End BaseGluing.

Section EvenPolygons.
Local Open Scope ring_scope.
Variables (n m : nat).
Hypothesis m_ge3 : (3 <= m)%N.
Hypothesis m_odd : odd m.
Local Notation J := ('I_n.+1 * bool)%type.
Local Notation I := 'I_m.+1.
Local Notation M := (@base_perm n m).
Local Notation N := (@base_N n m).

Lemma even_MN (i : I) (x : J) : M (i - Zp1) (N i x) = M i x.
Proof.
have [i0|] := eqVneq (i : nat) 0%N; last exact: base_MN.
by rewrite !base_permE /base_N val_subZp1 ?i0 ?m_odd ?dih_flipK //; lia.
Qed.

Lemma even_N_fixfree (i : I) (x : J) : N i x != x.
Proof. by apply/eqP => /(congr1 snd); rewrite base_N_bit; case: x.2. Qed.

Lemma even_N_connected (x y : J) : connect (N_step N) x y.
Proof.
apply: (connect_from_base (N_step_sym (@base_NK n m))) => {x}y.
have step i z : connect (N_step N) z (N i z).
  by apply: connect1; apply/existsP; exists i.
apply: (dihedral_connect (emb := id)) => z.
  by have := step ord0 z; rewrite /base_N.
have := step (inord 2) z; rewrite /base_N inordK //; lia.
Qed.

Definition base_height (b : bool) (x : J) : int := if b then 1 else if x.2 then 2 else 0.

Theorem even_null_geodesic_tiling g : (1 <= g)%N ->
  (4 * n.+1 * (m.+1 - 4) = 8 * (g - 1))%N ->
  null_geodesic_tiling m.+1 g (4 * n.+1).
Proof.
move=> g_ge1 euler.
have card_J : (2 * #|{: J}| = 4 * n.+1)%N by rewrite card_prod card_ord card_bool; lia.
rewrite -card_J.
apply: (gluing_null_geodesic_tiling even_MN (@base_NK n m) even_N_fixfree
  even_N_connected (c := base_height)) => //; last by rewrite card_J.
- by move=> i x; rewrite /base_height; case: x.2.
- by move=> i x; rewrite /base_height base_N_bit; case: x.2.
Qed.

****************

▶ _PROBLEM TO SOLVE_
Repeat all of the records exactly.

▶ _YOUR RESPONSE_
End BaseGluing.

Section EvenPolygons.
Local Open Scope ring_scope.
Variables (n m : nat).
Hypothesis m_ge3 : (3 <= m)%N.
Hypothesis m_odd : odd m.
Local Notation J := ('I_n.+1 * bool)%type.
Local Notation I := 'I_m.+1.
Local Notation M := (@base_perm n m).
Local Notation N := (@base_N n m).

Lemma even_MN (i : I) (x : J) : M (i - Zp1) (N i x) = M i x.
Proof.
have [i0|] := eqVneq (i : nat) 0%N; last exact: base_MN.
by rewrite !base_permE /base_N val_subZp1 ?i0 ?m_odd ?dih_flipK //; lia.
Qed.

Lemma even_N_fixfree (i : I) (x : J) : N i x != x.
Proof. by apply/eqP => /(congr1 snd); rewrite base_N_bit; case: x.2. Qed.

Lemma even_N_connected (x y : J) : connect (N_step N) x y.
Proof.
apply: (connect_from_base (N_step_sym (@base_NK n m))) => {x}y.
have step i z : connect (N_step N) z (N i z).
  by apply: connect1; apply/existsP; exists i.
apply: (dihedral_connect (emb := id)) => z.
  by have := step ord0 z; rewrite /base_N.
have := step (inord 2) z; rewrite /base_N inordK //; lia.
Qed.

Definition base_height (b : bool) (x : J) : int := if b then 1 else if x.2 then 2 else 0.

Theorem even_null_geodesic_tiling g : (1 <= g)%N ->
  (4 * n.+1 * (m.+1 - 4) = 8 * (g - 1))%N ->
  null_geodesic_tiling m.+1 g (4 * n.+1).
Proof.
move=> g_ge1 euler.
have card_J : (2 * #|{: J}| = 4 * n.+1)%N by rewrite card_prod card_ord card_bool; lia.
rewrite -card_J.
apply: (gluing_null_geodesic_tiling even_MN (@base_NK n m) even_N_fixfree
  even_N_connected (c := base_height)) => //; last by rewrite card_J.
- by move=> i x; rewrite /base_height; case: x.2.
- by move=> i x; rewrite /base_height base_N_bit; case: x.2.
Qed.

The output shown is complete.